Let’s begin by reading Matthew 4:18-22 18 And Jesus, walking by the Sea of Galilee, saw two brothers, Simon called Peter, and Andrew his brother, casting a net into the sea; for they were fishermen. 19 Then He said to them, “Follow Me, and I will make you fishers of men.” 20 They immediately left their nets and followed Him. 21 Going on from there, He saw two other brothers, James the son of Zebedee, and John his brother, in the boat with Zebedee their father, mending their nets. He called them, 22 and immediately they left the boat and their father, and followed Him.[1]

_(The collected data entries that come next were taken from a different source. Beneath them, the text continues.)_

Lemma rbm_marginal_zero_weights v :
  \sum_h rbm (0 : 'M[R]_(m, n)) b c v h =
  \prod_i (expR (- ((tnth v i)%:R * b i)) / (1 + expR (- b i))).
Proof.
have hidden_mass_gt0 : 0 < \prod_j \sum_y unit_boltzmann c j y.
  by apply: prodr_gt0 => j _; rewrite sum_unit_boltzmann addr_gt0 ?expR_gt0.
rewrite /rbm /rbm_partition -mulr_suml.
have factorize := expR_rbm_energy_zero_weights.
rewrite (eq_bigr _ (fun h _ => factorize v h)) -mulr_sumr sum_tuple_prod.
rewrite [X in _ / X](eq_bigr _ (fun v' _ => eq_bigr _ (fun h _ => factorize v' h))).
under [X in _ / X]eq_bigr do rewrite -mulr_sumr sum_tuple_prod.
rewrite -mulr_suml sum_tuple_prod invfM mulrACA divff ?gt_eqF // mulr1 -prodfV -big_split.
by apply: eq_bigr => i _; rewrite sum_unit_boltzmann.
Qed.

End RBMZeroWeights.

Lemma rbm_bernoulli_marginal (R : realType) m n (p : 'I_m -> R) (c : 'I_n -> R)
    (v : m.-tuple bool) :
  (forall i, 0 < p i < 1) ->
  \sum_h rbm (0 : 'M[R]_(m, n)) (fun i => ln ((1 - p i) / p i)) c v h =
  \prod_i (if tnth v i then p i else 1 - p i).
Proof.
move=> p_bd; rewrite rbm_marginal_zero_weights; apply: eq_bigr => i _.
have /andP [p_gt0 p_lt1] := p_bd i.
have odds : expR (- ln ((1 - p i) / p i)) = p i / (1 - p i).
  by rewrite expRN lnK ?invf_div // posrE divr_gt0 ?subr_gt0.
have q_neq0 : 1 - p i != 0 by rewrite subr_eq0 gt_eqF.
by case: (tnth v i); rewrite /= ?mul1r ?mul0r ?oppr0 ?expR0 odds;
  field; rewrite q_neq0 subrK oner_neq0.
Qed.

Section StickBreaking.
Variables (R : realType) (m : nat) (alpha : 'I_m -> R).
Hypothesis alpha_ge0 : forall i, 0 <= alpha i.
Hypothesis alpha_sum1 : \sum_i alpha i = 1.

Definition tail_mass (i : nat) : R := \sum_(k < m | (i <= k)%N) alpha k.

Definition break_ratio (k : 'I_m) : R := alpha k / tail_mass k.

Lemma tail_mass_ge0 i : 0 <= tail_mass i.
Proof. exact: sumr_ge0. Qed.

Lemma tail_mass0 : tail_mass 0 = 1.
Proof. by rewrite /tail_mass -alpha_sum1; apply: eq_bigl. Qed.

Lemma tail_mass_end : tail_mass m = 0.
Proof. by rewrite /tail_mass big_pred0 // => k; rewrite leqNgt ltn_ord. Qed.

Lemma tail_massS (k : 'I_m) : tail_mass k = alpha k + tail_mass k.+1.
Proof.
rewrite /tail_mass (bigD1 k) //=; congr (_ + _); apply: eq_bigl => j.
by rewrite ltn_neqAle andbC eq_sym.
Qed.

Lemma break_ratioK k : break_ratio k * tail_mass k = alpha k.
Proof.
have [tail0|tail_neq0] := eqVneq (tail_mass k) 0; last by rewrite divfK.
have := tail_massS k; have := tail_mass_ge0 k.+1; have := alpha_ge0 k.
rewrite tail0 mulr0; lra.
Qed.

Lemma break_ratio_ge0 k : 0 <= break_ratio k.
Proof. by rewrite divr_ge0 ?tail_mass_ge0. Qed.

Lemma break_ratio_le1 k : break_ratio k <= 1.
Proof.
rewrite /break_ratio; have [->|tail_neq0] := eqVneq (tail_mass k) 0.
  by rewrite invr0 mulr0.
rewrite ler_pdivrMr ?lt_def ?tail_neq0 ?tail_mass_ge0 // mul1r (tail_massS k).
by rewrite lerDl tail_mass_ge0.
Qed.

Lemma survival_step (k : 'I_m) : (1 - break_ratio k) * tail_mass k = tail_mass k.+1.
Proof. by rewrite mulrBl mul1r break_ratioK (tail_massS k) addrC addKr. Qed.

I am not going to spend a whole lot of time on this part of our passage today but there are a few things I need us to look at. First we need to see that Jesus called His disciples. If we were to read the other Gospels we can see that these four disciples that Jesus calls in this passage already have a knowledge Jesus. Andrew was already a disciple of John the Baptist as probably was John. Jesus had been preaching all around the area there was a general call to all in the area to repent for the Kingdom of heaven is at hand. But in the passage we are looking at before us we see a specific call. It goes beyond the general call to repent to a call to follow. Jesus’ call to Peter and Andrew, and by implication to James and John, is stated as a command to follow Him. It was not an invitation from a friend it was a command from a King. Peter, Andrew, James and John understood it as a command and immediately they dropped what they were doing and they followed Him. James and John left so quickly that it appears that they left their father in the boat to finish mending the nets. We know from other accounts in the Gospels that Jesus called His other disciples in like manner. He even called some who refused to follow. People like the rich young ruler who refused to drop everything that was more important than Jesus, and some others who wanted to check out a piece of land they had purchased, or to test drive a few oxen they had just acquired, or even to bury their still living father. But we notice that James, Andrew, John and Peter all followed Jesus immediately.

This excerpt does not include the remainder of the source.